By allowing creative freedom but with established guidelines, brands can encourage authentic content that reinforces their reputation.
A significant portion of brands are planning to increase their spending on influencer marketing in 2025. In a recent survey, 71% of companies said they will allocate more budget to such campaigns next year. Another study indicated that 66% of brands will increase their resources.
Unlike other collaborations, influencers bring a personal touch by seamlessly integrating brands’ messages into their content, creating an authentic and close connection with their followers.
Influencer partnerships are inherently dynamic, leveraging real-time trends and insights to capture attention. Understanding how they work is key to maximizing marketing value and fostering partnerships that resonate deeply with target audiences. Leaders should avoid the following mistakes to help businesses secure influencers that better align with their brand:
Speed up the agreement
Brands that rush into the partnership process often set off alarm bells among influencers. Last-minute changes to the contract can indicate poor planning or an attempt to sneak in unfavourable terms. Impossible deadlines can lead to low-quality content, while demanding instant responses, which is unreasonable and can signal future communication problems.
Professional associations leave enough time to test products and create authentic content. Hasty agreements often lead to ambiguous expectations and legal vulnerabilities for both parties.
Inaccurate payment details
Transparency in financial matters is crucial to the success of an influencer-brand relationship. Fluctuating commission rates make it difficult to predict revenue and suggest instability. “Exposure” as payment rarely translates into real value for established influencers. Overly complex affiliate schemes can be used to obfuscate actual revenue.
How to be clear about money in a marketing agreement:
Example of compensation and payment terms
- Fee structure: «The influencer will receive a flat fee of $2,000 for agreed-upon deliverables.»
- Payment Schedule: «50% (US$1,000) is due upon signing of this agreement. The remaining 50% (US$1,000) is due within 14 days of satisfactory completion of all deliverables.»

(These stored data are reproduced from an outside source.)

(* The second components of a lift of the identity along [from_disks idfun : disks P -> P]
   form a contraction. *)
Lemma projective_contractible P : cx_projective P -> contractible P.
Proof.
move=> Pproj.
pose pi := from_disks (Q := fun m => P m) (fun m => idfun).
have pi_surj n : surj (pi n).
  by move=> x; exists (x, 0); rewrite /= /from_disks_fun /= linear0 addr0.
have [h hK] := Pproj _ _ pi (idcm P) pi_surj.
exists (fun n => snd \o h n) => n x /=.
have /(congr1 snd) /= -> := @cmap_comm _ _ _ h n x.
exact: etrans (esym (hK (n + 1) x)) (addrC _ _).
Qed.

Lemma projective_component P : cx_projective P -> forall k, mod_projective (P k).
Proof.
move=> Pproj k Y Z u phi u_surj.
pose U := disks_map (Q := fun _ => Y) (Q' := fun _ => Z) (fun _ => u).
have U_surj n : surj (U n).
  by move=> [z1 z2]; have [y1 <-] := u_surj z1; have [y2 <-] := u_surj z2; exists (y1, y2).
have [h hP] := Pproj _ _ U (to_disks (dfwith (fun m => \0 : {linear P m -> Z}) phi)) U_surj.
exists (snd \o h k) => x /=.
by have /(congr1 snd) /= -> := hP k x; rewrite dfwith_in.
Qed.

Lemma subproj_homK_zero M N : cx_subproj M N -> homK_zero M N.
Proof.
move=> MN f; have [P [a [b [Pproj ab]]]] := MN f.
exact: (null_homotopic_through (projective_contractible Pproj) ab).
Qed.

Definition factors_projective (A B : lmodType R) (g : {linear A -> B}) :=
  exists (Q : lmodType R) (a : {linear A -> Q}) (b : {linear Q -> B}),
    mod_projective Q /\ forall x, b (a x) = g x.

Definition cx_factors_projective M N (f : chainmap M N) :=
  exists (P : complex R) (a : chainmap M P) (b : chainmap P N),
    cx_projective P /\ forall n x, b n (a n x) = f n x.

(* The factor modules are indexed by the degree [m = n + 1] of the tops of their disks. *)
Lemma homotopy_factors_projective M W (f : chainmap M W)
    (s : forall n, {linear M n -> W (n + 1)}) :
  (forall n x, f (n + 1) x = cdiff W (n + 1) (s (n + 1) x) + s n (cdiff M n x)) ->
  (forall n, factors_projective (s n)) -> cx_factors_projective f.
Proof.
move=> Hs s_proj.
have s_fac n : exists F : {Q : lmodType R & {linear Q -> W (n + 1)}},
    mod_projective (projT1 F) /\
    exists a : {linear M n -> projT1 F}, forall x, projT2 F (a x) = s n x.
  by have [Q [a [b [Qproj ab]]]] := s_proj n; exists (existT _ Q b); split; last exists a.
have [F FP] := dependent_choice s_fac.
pose G := of_succ (T := fun m => {Q : lmodType R & {linear Q -> W m}}) F.
pose Q m := projT1 (G m); pose beta m : {linear Q m -> W m} := projT2 (G m).
have GP n : mod_projective (Q (n + 1)) /\
    exists a : {linear M n -> Q (n + 1)}, forall x, beta (n + 1) (a x) = s n x.
  by rewrite /beta /Q /G of_succE; apply: FP.
have [a aP] := dependent_choice (fun n => proj2 (GP n)).
exists (disks Q), (to_disks a), (from_disks beta); split.
  by apply: disks_projective; apply: forall_succ => n; case: (GP n).
apply: forall_succ => n x.
by rewrite /= /from_disks_fun /= to_disks_topE !aP Hs; apply: addrC.
Qed.

Lemma PrInv_cx_tilde_of_components L W : ext_closed L -> (forall k, PrInv_mod L (W k)) ->
  (forall M, tilde L M -> homK_zero M W) -> PrInv_cx (tilde L) W.
Proof.
move=> HE WL Whom M ML f; have [s Hs] := Whom M ML f.
apply: (homotopy_factors_projective Hs) => n.
exact: WL _ _ (tilde_sharp HE ML n) (s n).
Qed.

Lemma PrInv_cx_tilde_component L W : ext_closed L -> L 'rV[R]_0 ->
  PrInv_cx (tilde L) W -> forall k, PrInv_mod L (W k).
Proof.
move=> HE L0 WL k C LC g.
pose beta := dfwith (fun m => \0 : {linear C -> W m}) g.
have [P [a [b [Pproj ab]]]] := WL _ (disks_tilde HE L0 (fun _ => LC)) (from_disks beta).
exists (P k), (a k \o in_fst _ _), (b k); split; first exact: projective_component.
by move=> c; rewrite /= ab /= /from_disks_fun /= /beta dfwith_in !linear0 addr0.
Qed.

Section Disk.
Variable N : lmodType R.

Definition N_if (b : bool) : lmodType R := if b then N else 'rV[R]_0.

Definition N_if_in b : {linear N -> N_if b} :=
  if b as c return {linear N -> N_if c} then idfun else \0.
Definition N_if_out b : {linear N_if b -> N} :=
  if b as c return {linear N_if c -> N} then idfun else \0.

Lemma N_if0 b (x : N_if b) : ~~ b -> x = 0.
Proof. by case: b x => // x _; apply: thinmx0. Qed.

Definition disk_deg (m : int) := (m == 0) || (m == 1).

(* [disk_obj 0] is [N] itself, not merely a copy of it: [G] need not be closed under
   isomorphism. *)
Definition disk_obj m := N_if (disk_deg m).

Definition disk_diff m : {linear disk_obj (m + 1) -> disk_obj m} :=
  if m == 0 then N_if_in _ \o N_if_out _ : {linear disk_obj (m + 1) -> disk_obj m} else \0.

Definition disk_contr m : {linear disk_obj m -> disk_obj (m + 1)} :=
  if m == 0 then N_if_in _ \o N_if_out _ : {linear disk_obj m -> disk_obj (m + 1)} else \0.

Lemma disk_diff_sq m x : disk_diff m (disk_diff (m + 1) x) = 0.
Proof.
case: (boolP (disk_deg (m + 1 + 1))) => [deg2 | /(N_if0 x) ->]; last by rewrite !linear0.
by apply: N_if0; move: deg2; rewrite /disk_deg; lia.
Qed.

Definition disk : complex R := Complex disk_diff_sq.

Lemma disk_contractible : contractible disk.
Proof.
exists disk_contr => n x /=.
case: (boolP (disk_deg (n + 1))) => [deg1 | /(N_if0 x) ->]; last by rewrite !linear0 addr0.
have /orP[/eqP n_1 | /eqP n0] : (n == -1) || (n == 0) by move: deg1; rewrite /disk_deg; lia.
  by subst n; rewrite /disk_diff /disk_contr /= addr0.
by subst n; rewrite /disk_diff /disk_contr /= add0r.
Qed.

Lemma disk_sharp (P : lmodType R -> Prop) : P N -> P 'rV[R]_0 -> sharp P disk.
Proof. by move=> PN P0 m; rewrite /= /disk_obj /N_if; case: disk_deg. Qed.

End Disk.
End Complexes.

Theorem theorem3p1 (R : pzRingType) (L G : lmodType R -> Prop) :
  ext_closed L ->
  (forall Z : lmodType R, is_zero_mod Z -> L Z /\ G Z) ->
  ((forall N, PrInv_mod L N <-> G N) /\
     (forall M N : complex R, sharp G N -> tilde L M -> homK_zero M N))
  <-> (forall N : complex R, PrInv_cx (tilde L) N <-> sharp G N).
Proof.
move=> HE HZ; have [L0 G0] := HZ _ (@thinmx0 R 1).
split=> [[LG homK] N | LG].
  split=> [NL k | NG]; first exact/LG/(PrInv_cx_tilde_component HE L0 NL).
  by apply: (PrInv_cx_tilde_of_components HE _ (fun M => homK M N NG)) => k; apply/LG.
have disk_PrInv N : PrInv_mod L N -> PrInv_cx (tilde L) (disk N).
  move=> NL; apply: (PrInv_cx_tilde_of_components HE (disk_sharp NL (PrInv_mod0 (L := L)))).
  by move=> M _; apply: contractible_homK_zero (disk_contractible N).
split=> [N | M N NG ML]; last exact: subproj_homK_zero (proj2 (LG N) NG M ML).
split=> [NL | NG]; first exact: (proj1 (LG _) (disk_PrInv N NL) 0).
exact: PrInv_cx_tilde_component HE L0 (proj2 (LG _) (disk_sharp NG G0)) 0.
Qed.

- Payment method: «All payments will be made by direct deposit into the bank account provided by the Influencer.»
- Billing: «Influencer must submit an invoice for each payment. Invoices must be sent to accounting@brandname.com . «
- Performance Bonus: «If the campaign reaches 100,000 likes across all posts, an additional $500 bonus will be paid.»
- Expenses: «All pre-approved expenses related to content creation will be reimbursed within 30 days of receipts being submitted.»
- Taxes: «Influencer is responsible for reporting and paying all applicable taxes on compensation received.»
- Late Payments: «Any payment not made within the specified time frame will incur a monthly late fee of 1.5% on the outstanding balance.»
This clear language describes the exact amount, payment schedule, method, and additional terms, leaving little room for misinterpretation or dispute.
Control the narrative
Brands seeking excessive control over content creation can be problematic. Scripted content limits the influencer’s creativity and authenticity. Strict publishing schedules can lead to poor content timing, and not allow for editing so the influencer can tailor the message to their audience.
Major brand partners rely on influencers to know their audience and present products authentically. Too much control can compromise the person’s voice and the effectiveness of the content.
Negative experiences with influencers can be avoided by thoroughly vetting potential partners to ensure alignment with the organization’s values and maintaining clear, consistent communication throughout the collaboration. By giving influencers creative freedom, with established guidelines, brands can foster authentic content that reinforces their reputation.